*** Extracted data ***
(* Let $a<0$ and $b\in\mathbb{R}$, and put $$C_{a,b}=\max\left\{\frac12,\ \frac{2-a-b}{2(2-a)},\ \frac{2a^2+(2a-1)b+2-3a}{2(1-2a)(2-a)},\ \frac{1-b}{2(1-2a)}\right\}.$$ Then $F_{(a,b)}(t):=2C_{a,b}\,\Phi_{(a-1,1-a,0,b)}(t)-\Phi_{(a,1,-a,-1)}(t)>0$ for all $t>0$.
   Context: For real $\lambda_0,\dots,\lambda_N$, the fundamental function $\Phi_{(\lambda_0,\dots,\lambda_N)}$ is the unique solution $u$ of $\prod_{j=0}^N(\frac{d}{dt}-\lambda_j)u=0$ with $u^{(k)}(0)=0$ for $0\le k\le N-1$ and $u^{(N)}(0)=1$. *)

From Stdlib Require Import Reals List.
From Coquelicot Require Import Coquelicot.
Open Scope R_scope.

Definition Dop (l : R) (g : R -> R) : R -> R :=
  fun t => Derive g t - l * g t.

(* prod_{l in ls} (d/dt - l) applied to g (the factors commute on smooth g). *)
Fixpoint Lop (ls : list R) (g : R -> R) : R -> R :=
  match ls with
  | nil => g
  | l :: ls' => Dop l (Lop ls' g)
  end.

(* u is the fundamental function Phi_(lambda_0,...,lambda_N) where
   ls = [lambda_0; ...; lambda_N] (so N = length ls - 1):
   u is a (smooth) solution on R of prod_j (d/dt - lambda_j) u = 0 with
   u^(k)(0) = 0 for k <= N-1 and u^(N)(0) = 1. *)
Definition is_fundamental (ls : list R) (u : R -> R) : Prop :=
  (forall (n : nat) (t : R), ex_derive_n u n t) /\
  (forall t : R, Lop ls u t = 0) /\
  (forall k : nat, (k < pred (length ls))%nat -> Derive_n u k 0 = 0) /\
  Derive_n u (pred (length ls)) 0 = 1.

Definition Cab (a b : R) : R :=
  Rmax (Rmax (1/2) ((2 - a - b) / (2 * (2 - a))))
       (Rmax ((2 * a ^ 2 + (2 * a - 1) * b + 2 - 3 * a) / (2 * (1 - 2 * a) * (2 - a)))
             ((1 - b) / (2 * (1 - 2 * a)))).

(* Since F 0 = 0 and (F (t) exp (-b t))' = exp (-b t) (d/dt - b) F (t), it suffices
   that (d/dt - b) F > 0 on (0, oo) (pos_of_Dop_pos).  Each fundamental function is
   solved one first-order factor at a time (Dop_solution, fundamental4_stages):
   (d/dt - b) Phi1 = (cosh ((1 - a) t) - 1) / (1 - a)^2, and Phi2 is an explicit
   hyperbolic expression.  In the variables x = (1 - a) t / 2 and
   rho = (1 + a) / (1 - a), which lies in (-1, 1), the quantity (1 - a)^2 (d/dt - b) F
   becomes
       4 C sinh^2 x - 2 sinh x shc rho x + 2 b / (1 - rho) N rho x,
   where shc r x = sinh (r x) / r and N r x = cosh x shc r x - sinh x cosh (r x).
   Its positivity (core_pos) rests on shc r x < sinh x and on two estimates of N
   (Nf_le_sinh_sq, Nf_lt_sinh_mixed), proved by comparing derivatives with the
   integrals A0 x = int_0^x y sinh y dy, A1 x = int_0^x sinh^2 y dy and a few Taylor
   bounds for sinh and cosh.  Only three of the four entries of C_{a,b} are needed. *)

From Stdlib Require Import Reals Lra Psatz List.
From Coquelicot Require Import Coquelicot.
Import ListNotations.
Open Scope R_scope.

(* Real-valued instances of Coquelicot's sum, difference, product and
   extensionality rules, stated with the operations of R so that they apply by
   unification. *)
Lemma is_derive_Rplus (f g : R -> R) (x df dg : R) :
  is_derive f x df -> is_derive g x dg -> is_derive (fun t => f t + g t) x (df + dg).
Proof. exact (is_derive_plus f g x df dg). Qed.

Lemma is_derive_Rminus (f g : R -> R) (x df dg : R) :
  is_derive f x df -> is_derive g x dg -> is_derive (fun t => f t - g t) x (df - dg).
Proof. exact (is_derive_minus f g x df dg). Qed.

Lemma is_derive_Rmult (f g : R -> R) (x df dg : R) :
  is_derive f x df -> is_derive g x dg ->
  is_derive (fun t => f t * g t) x (df * g x + f x * dg).
Proof. intros Hf Hg. exact (is_derive_mult f g x df dg Hf Hg Rmult_comm). Qed.

Lemma is_derive_Rext (f g : R -> R) (x l : R) :
  (forall t, f t = g t) -> is_derive f x l -> is_derive g x l.
Proof. exact (is_derive_ext f g x l). Qed.

Lemma is_derive_rescaled (F : R -> R) (k t dF : R) :
  is_derive F (k * t) dF -> is_derive (fun s => F (k * s)) t (k * dF).
Proof.
  intro HF. apply (is_derive_comp F (fun s => k * s) t dF k HF).
  auto_derive; [exact I | ring].
Qed.

Lemma le_by_deriv (f df : R -> R) (a b : R) :
  a <= b -> (forall y, a <= y <= b -> is_derive f y (df y)) ->
  (forall y, a < y < b -> 0 <= df y) -> f a <= f b.
Proof.
  intros Hab Hd Hpos. destruct (Rle_lt_or_eq_dec a b Hab) as [Hlt|<-]; [|lra].
  destruct (MVT_cor2 f df a b Hlt) as [c [Hc Hin]].
  - intros y Hy. apply is_derive_Reals, Hd, Hy.
  - specialize (Hpos c Hin). nra.
Qed.

Lemma lt_by_deriv (f df : R -> R) (a b : R) :
  a < b -> (forall y, a <= y <= b -> is_derive f y (df y)) ->
  (forall y, a < y < b -> 0 < df y) -> f a < f b.
Proof.
  intros Hab Hd Hpos.
  destruct (MVT_cor2 f df a b Hab) as [c [Hc Hin]].
  - intros y Hy. apply is_derive_Reals, Hd, Hy.
  - specialize (Hpos c Hin). nra.
Qed.

Lemma nonneg_by_deriv (f df : R -> R) :
  (forall y, 0 <= y -> is_derive f y (df y)) -> (forall y, 0 < y -> 0 <= df y) ->
  0 <= f 0 -> forall x, 0 <= x -> 0 <= f x.
Proof.
  intros Hd Hpos H0 x Hx.
  enough (f 0 <= f x) by lra.
  apply (le_by_deriv f df 0 x Hx); intros y Hy; [apply Hd | apply Hpos]; lra.
Qed.

Lemma pos_by_deriv (f df : R -> R) :
  (forall y, 0 <= y -> is_derive f y (df y)) -> (forall y, 0 < y -> 0 < df y) ->
  0 <= f 0 -> forall x, 0 < x -> 0 < f x.
Proof.
  intros Hd Hpos H0 x Hx.
  enough (f 0 < f x) by lra.
  apply (lt_by_deriv f df 0 x Hx); intros y Hy; [apply Hd | apply Hpos]; lra.
Qed.

Lemma const_of_deriv_zero (h : R -> R) :
  (forall t, is_derive h t 0) -> forall s t, h s = h t.
Proof.
  intros Hd.
  assert (Hle : forall s t, s <= t -> h s <= h t /\ - h s <= - h t).
  { intros s t Hst. split.
    - apply (le_by_deriv h (fun _ => 0) s t Hst); [intros; apply Hd | intros; lra].
    - apply (le_by_deriv (fun y => - h y) (fun _ => 0) s t Hst); [|intros; lra].
      intros y _. rewrite <- Ropp_0. exact (is_derive_opp h y 0 (Hd y)). }
  intros s t. destruct (Rle_or_lt s t) as [H|H%Rlt_le]; destruct (Hle _ _ H); lra.
Qed.

Lemma linear_ode_unique (f1 f2 g : R -> R) (l : R) :
  (forall t, is_derive f1 t (l * f1 t + g t)) ->
  (forall t, is_derive f2 t (l * f2 t + g t)) ->
  f1 0 = f2 0 -> forall t, f1 t = f2 t.
Proof.
  intros H1 H2 H0 t.
  set (h := fun s => (f1 s - f2 s) * exp (- l * s)).
  assert (Hh : forall s, is_derive h s 0).
  { intro s. unfold h.
    replace 0 with ((l * f1 s + g s - (l * f2 s + g s)) * exp (- l * s)
                    + (f1 s - f2 s) * (- l * exp (- l * s))) by ring.
    apply (is_derive_Rmult (fun s => f1 s - f2 s) (fun s => exp (- l * s))).
    { apply is_derive_Rminus; auto. }
    auto_derive; [exact I | ring]. }
  pose proof (const_of_deriv_zero h Hh t 0) as E. unfold h in E.
  rewrite H0, Rminus_diag, !Rmult_0_l in E.
  pose proof (exp_pos (- l * t)). apply Rmult_integral in E. lra.
Qed.

Definition smooth (u : R -> R) : Prop := forall (n : nat) (t : R), ex_derive_n u n t.

Lemma Derive_n_Dop (l : R) (Y : R -> R) : smooth Y -> forall n t,
  ex_derive_n (Dop l Y) n t /\
  Derive_n (Dop l Y) n t = Derive_n Y (S n) t - l * Derive_n Y n t.
Proof.
  intros HY n. induction n as [|n IH]; intro t; [split; reflexivity|].
  assert (Heq : forall s, Derive_n Y (S n) s - l * Derive_n Y n s = Derive_n (Dop l Y) n s)
    by (intro s; symmetry; apply IH).
  assert (HdS : ex_derive (Derive_n Y (S n)) t) by exact (HY (S (S n)) t).
  assert (Hd : ex_derive (Derive_n Y n) t) by exact (HY (S n) t).
  split.
  - apply (ex_derive_ext _ _ t Heq).
    apply (ex_derive_minus _ (fun s => l * Derive_n Y n s)); [|apply ex_derive_scal]; assumption.
  - simpl Derive_n at 1. rewrite <- (Derive_ext _ _ t Heq).
    rewrite Derive_minus, Derive_scal; [reflexivity | assumption | apply ex_derive_scal, Hd].
Qed.

Lemma smooth_Dop (l : R) (Y : R -> R) : smooth Y -> smooth (Dop l Y).
Proof. intros HY n t. apply (Derive_n_Dop l Y HY n t). Qed.

Lemma smooth_Lop (ls : list R) (u : R -> R) : smooth u -> smooth (Lop ls u).
Proof. intros Hu. induction ls as [|l ls IH]; [exact Hu | apply smooth_Dop, IH]. Qed.

Definition flat_at0 (n : nat) (Y : R -> R) : Prop :=
  forall k, (k < n)%nat -> Derive_n Y k 0 = 0.

Lemma Dop_flat (l : R) (Y : R -> R) (n : nat) : smooth Y -> flat_at0 (S n) Y ->
  flat_at0 n (Dop l Y) /\ Derive_n (Dop l Y) n 0 = Derive_n Y (S n) 0.
Proof.
  intros HY Hflat. split.
  - intros k Hk. rewrite (proj2 (Derive_n_Dop l Y HY k 0)).
    rewrite !Hflat by lia. ring.
  - rewrite (proj2 (Derive_n_Dop l Y HY n 0)), (Hflat n) by lia. ring.
Qed.

Lemma Lop_flat (ls : list R) (u : R -> R) : smooth u -> forall m,
  flat_at0 (length ls + m) u ->
  flat_at0 m (Lop ls u) /\ Derive_n (Lop ls u) m 0 = Derive_n u (length ls + m) 0.
Proof.
  intros Hu. induction ls as [|l ls IH]; intros m Hflat; [split; [exact Hflat | reflexivity]|].
  simpl length in *. rewrite Nat.add_succ_comm in Hflat |- *.
  destruct (IH (S m) Hflat) as [Hfl Hval].
  destruct (Dop_flat l (Lop ls u) m (smooth_Lop ls u Hu) Hfl) as [Hfl' Hval'].
  split; [exact Hfl' | simpl Lop; rewrite Hval', Hval; reflexivity].
Qed.

Lemma Lop_at0 (ls : list R) (u : R -> R) : smooth u -> flat_at0 (length ls) u ->
  Lop ls u 0 = Derive_n u (length ls) 0.
Proof.
  intros Hu Hflat. rewrite <- (Nat.add_0_r (length ls)).
  exact (proj2 (Lop_flat ls u Hu 0 ltac:(rewrite Nat.add_0_r; exact Hflat))).
Qed.

Lemma Lop_cons (l : R) (ls : list R) (u : R -> R) (t : R) :
  Lop (l :: ls) u t = Dop l (Lop ls u) t.
Proof. reflexivity. Qed.

Lemma Lop_single (l : R) (u : R -> R) (t : R) : Lop [l] u t = Dop l u t.
Proof. reflexivity. Qed.

(* If (d/dt - b) f > 0 on (0, oo) and f 0 = 0 then f > 0 on (0, oo), since
   (f exp (- b t))' = exp (- b t) (d/dt - b) f. *)
Lemma pos_of_Dop_pos (b : R) (f : R -> R) : (forall t, ex_derive f t) -> f 0 = 0 ->
  (forall t, 0 < t -> 0 < Dop b f t) -> forall t, 0 < t -> 0 < f t.
Proof.
  intros Hf H0 HD t Ht.
  assert (HK : 0 < f t * exp (- b * t)).
  { revert t Ht.
    apply (pos_by_deriv (fun s => f s * exp (- b * s)) (fun s => Dop b f s * exp (- b * s)));
      [ | | rewrite H0; lra].
    - intros s _. unfold Dop.
      replace ((Derive f s - b * f s) * exp (- b * s))
        with (Derive f s * exp (- b * s) + f s * (- b * exp (- b * s))) by ring.
      apply (is_derive_Rmult f (fun s => exp (- b * s))).
      + apply Derive_correct, Hf.
      + auto_derive; [exact I | ring].
    - intros s Hs. apply Rmult_lt_0_compat; [apply HD, Hs | apply exp_pos]. }
  pose proof (exp_pos (- b * t)). nra.
Qed.

Lemma Dop_comb (l c : R) (f g : R -> R) (t : R) : ex_derive f t -> ex_derive g t ->
  Dop l (fun s => c * f s - g s) t = c * Dop l f t - Dop l g t.
Proof.
  intros Hf Hg. unfold Dop.
  rewrite (Derive_minus (fun s => c * f s) g), Derive_scal; [ring | | exact Hg].
  apply ex_derive_scal, Hf.
Qed.

Lemma Dop_solution (l : R) (Y f g : R -> R) : smooth Y ->
  (forall t, Dop l Y t = g t) -> (forall t, is_derive f t (l * f t + g t)) ->
  Y 0 = f 0 -> forall t, Y t = f t.
Proof.
  intros HY HD Hf H0. apply (linear_ode_unique Y f g l); [|exact Hf | exact H0].
  intro t. rewrite <- HD. unfold Dop.
  replace (l * Y t + (Derive Y t - l * Y t)) with (Derive Y t) by ring.
  apply Derive_correct, (HY 1%nat t).
Qed.

Lemma fundamental4_stages (l0 l1 l2 l3 : R) (u : R -> R) :
  is_fundamental [l0; l1; l2; l3] u ->
  smooth u /\ (forall t, Dop l0 (Lop [l1; l2; l3] u) t = 0) /\
  Lop [l1; l2; l3] u 0 = 1 /\ Lop [l2; l3] u 0 = 0 /\ Lop [l3] u 0 = 0 /\ u 0 = 0.
Proof.
  intros [Hs [HL [Hflat H3]]]. simpl in Hflat, H3.
  assert (Hfl : forall n, (n <= 3)%nat -> flat_at0 n u)
    by (intros n Hn k Hk; apply Hflat; lia).
  repeat split; [exact Hs | exact HL | | | | exact (Hflat 0%nat ltac:(lia))].
  - rewrite (Lop_at0 [l1; l2; l3] u Hs (Hfl 3%nat ltac:(lia))). exact H3.
  - rewrite (Lop_at0 [l2; l3] u Hs (Hfl 2%nat ltac:(lia))). apply Hflat. simpl. lia.
  - rewrite (Lop_at0 [l3] u Hs (Hfl 1%nat ltac:(lia))). apply Hflat. simpl. lia.
Qed.

Ltac derive_explicit := intros; unfold sinh, cosh; auto_derive; try exact I; field; try assumption.

Lemma is_derive_sinh (x : R) : is_derive sinh x (cosh x).
Proof. apply is_derive_Reals, derivable_pt_lim_sinh. Qed.

Lemma is_derive_cosh (x : R) : is_derive cosh x (sinh x).
Proof. apply is_derive_Reals, derivable_pt_lim_cosh. Qed.

Lemma cosh_minus_sinh (x : R) : cosh x - sinh x = exp (- x).
Proof. unfold cosh, sinh. field. Qed.

Lemma cosh_sinh_sq (x : R) : cosh x ^ 2 - sinh x ^ 2 = 1.
Proof.
  unfold cosh, sinh.
  replace 1 with (exp x * exp (- x)) by (rewrite <- exp_plus, Rplus_opp_r; apply exp_0).
  field.
Qed.

Lemma cosh_pos (x : R) : 0 < cosh x.
Proof. unfold cosh. pose proof (exp_pos x). pose proof (exp_pos (- x)). lra. Qed.

Lemma cosh_ge_1 (x : R) : 1 <= cosh x.
Proof. pose proof (cosh_sinh_sq x). pose proof (cosh_pos x). nra. Qed.

Lemma sinh_lt_cosh (x : R) : sinh x < cosh x.
Proof. pose proof (cosh_minus_sinh x). pose proof (exp_pos (- x)). lra. Qed.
*** End of Extracted data ***
### What is expected
Find the lines above that include the string "Hval" and copy them.

### Problem solution
  destruct (IH (S m) Hflat) as [Hfl Hval].
  destruct (Dop_flat l (Lop ls u) m (smooth_Lop ls u Hu) Hfl) as [Hfl' Hval'].
  split; [exact Hfl' | simpl Lop; rewrite Hval', Hval; reflexivity].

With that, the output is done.